Produce an exact copy of the lines below, starting at the first and ending with the line containing "exact: vgeB.".

:: Records provided

Lemma frob_inj x y : vge v 0 x -> vge v 0 y ->
  res_eq (x ^+ p) (y ^+ p) -> res_eq x y.
Proof.
move=> x0 y0 hxy; rewrite /res_eq; set d := x - y.
have d0 : vge v 0 d by apply: vgeB.
have dp : vge v 1 (d ^+ p).
  have := binomial_congr (m := 0) y0 d0; rewrite [y + d]addrC subrK => h.
  have -> : d ^+ p = (x ^+ p - y ^+ p) - ((x ^+ p - y ^+ p) - d ^+ p) by ring.
  exact: vgeB.
have [->|dn0] := eqVneq d 0; first exact: vge0.
move: d0 dp; rewrite /vge expf_eq0 (negPf dn0) andbF /= vX //.
by have := prime_gt1 p_prime; nia.
Qed.

Lemma frobX_inj x y i : vge v 0 x -> vge v 0 y ->
  res_eq (x ^+ (p ^ i)) (y ^+ (p ^ i)) -> res_eq x y.
Proof.
move=> x0 y0; elim: i => [|i IH]; first by rewrite expn0 !expr1.
by rewrite expnSr !exprM => /(frob_inj (vgeX0 _ x0) (vgeX0 _ y0)) /IH.
Qed.

Lemma frob_period x : vge v 0 x -> exists2 d, (0 < d)%N & res_eq x (x ^+ (p ^ d)).
Proof.
move=> x0; have [i [j [ij hij]]] := res_pigeonhole (fun k => vgeX0 (p ^ k) x0).
exists (j - i)%N; first by rewrite subn_gt0.
apply: (frobX_inj (i := i)); rewrite ?vgeX0 //.
by rewrite -exprM -expnD subnK // ltnW.
Qed.

Lemma frob_period_mul x d k : vge v 0 x -> res_eq x (x ^+ (p ^ d)) ->
  res_eq x (x ^+ (p ^ (d * k))).
Proof.
move=> x0 hd; elim: k => [|k IH]; first by rewrite muln0 expn0 expr1 /res_eq subrr vge0.
rewrite mulnS expnD mulnC exprM.
by apply: res_eq_trans hd _; apply: res_eqX; rewrite ?vgeX0.
Qed.

End Frobenius.
End FiniteResidueField.

Section Involution.
Variable sigma : {rmorphism E -> E}.
Hypothesis sigmaK : involutive sigma.
Hypothesis v_sigma : forall x, v (sigma x) = v x.

Lemma vge_sigma N x : vge v N (sigma x) = vge v N x.
Proof. by rewrite /vge fmorph_eq0 v_sigma. Qed.

Lemma vunit_norm d : vunit (sigma d * d) -> vunit d.
Proof.
have [->|d0] := eqVneq d 0; first by rewrite mulr0 /vunit eqxx.
by case/andP=> _ /eqP; rewrite vM ?fmorph_eq0 // v_sigma /vunit d0 => h; apply/eqP; lia.
Qed.

Section Unramified.
Variables (s : seq E) (pi : E).
Hypothesis res_s : forall x, intO v x -> exists2 y, y \in s & intO v y && vge v 1 (x - y).
Hypotheses (pi0 : pi != 0) (v_pi : v pi = 1) (sigma_pi : sigma pi = pi).

Section TrivialOnResidues.
Variable p : nat.
Hypotheses (p_prime : prime p) (p_res : vge v 1 p%:R).
Hypothesis sigma_res : forall y, vge v 0 y -> res_eq y (sigma y).

Lemma frob_sigma_step x (m : nat) : (0 < m)%N -> vge v 0 x ->
  vge v m%:Z (x - sigma x) -> vge v m.+1%:Z (x ^+ p - sigma (x ^+ p)).
Proof.
move=> m0 x0 hm; set d := sigma x - x.
have dm : vge v m%:Z d by rewrite /d -vgeN opprB.
rewrite rmorphXn (_ : sigma x = x + d); last by rewrite /d addrC subrK.
have -> : x ^+ p - (x + d) ^+ p = - (((x + d) ^+ p - x ^+ p - d ^+ p) + d ^+ p) by ring.
rewrite vgeN vgeD ?binomial_congr //.
apply: (vge_le (N := m%:Z * p%:Z)); last exact: vgeX.
by have := prime_gt1 p_prime; nia.
Qed.

Lemma frob_sigma_congr x k : vge v 0 x ->
  vge v k.+1%:Z (x ^+ (p ^ k) - sigma (x ^+ (p ^ k))).
Proof.
move=> x0; elim: k => [|k IH]; first by rewrite expn0 expr1; apply: sigma_res.
by rewrite expnSr exprM frob_sigma_step ?vgeX0.
Qed.

Lemma sigma_congr_all m x : vge v 0 x -> vge v m.+1%:Z (x - sigma x).
Proof.
(* [x] is congruent to a Frobenius power [w] that is sigma-fixed to higher order, and
   [x = w + pi z] with [sigma pi = pi] lets the induction hypothesis act on [z]. *)
elim: m x => [|m IH] x x0; first exact: sigma_res.
have [d d0 hd] := frob_period res_s p_prime p_res x0.
set w := x ^+ (p ^ (d * m.+1)).
have hw : vge v m.+2%:Z (w - sigma w).
  by apply: vge_le (frob_sigma_congr _ x0); nia.
set z := (x - w) / pi.
have z0 : vge v 0 z.
  rewrite /z -(subrr 1) vgeM //; first exact: frob_period_mul _ x0 hd.
  by rewrite /vge invr_eq0 (negPf pi0) vV // v_pi.
have -> : x = w + pi * z by rewrite /z mulrC mulfVK // addrC subrK.
rewrite rmorphD rmorphM sigma_pi.
have -> : w + pi * z - (sigma w + pi * sigma z)
  = (w - sigma w) + pi * (z - sigma z) by ring.
rewrite vgeD // (_ : m.+2%:Z = 1 + m.+1%:Z) ?vgeM ?IH //.
by rewrite /vge (negPf pi0) v_pi.
Qed.

End TrivialOnResidues.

::::

◆ Answer ◆
Lemma frob_inj x y : vge v 0 x -> vge v 0 y ->
  res_eq (x ^+ p) (y ^+ p) -> res_eq x y.
Proof.
move=> x0 y0 hxy; rewrite /res_eq; set d := x - y.
have d0 : vge v 0 d by apply: vgeB.
have dp : vge v 1 (d ^+ p).
  have := binomial_congr (m := 0) y0 d0; rewrite [y + d]addrC subrK => h.
  have -> : d ^+ p = (x ^+ p - y ^+ p) - ((x ^+ p - y ^+ p) - d ^+ p) by ring.
  exact: vgeB.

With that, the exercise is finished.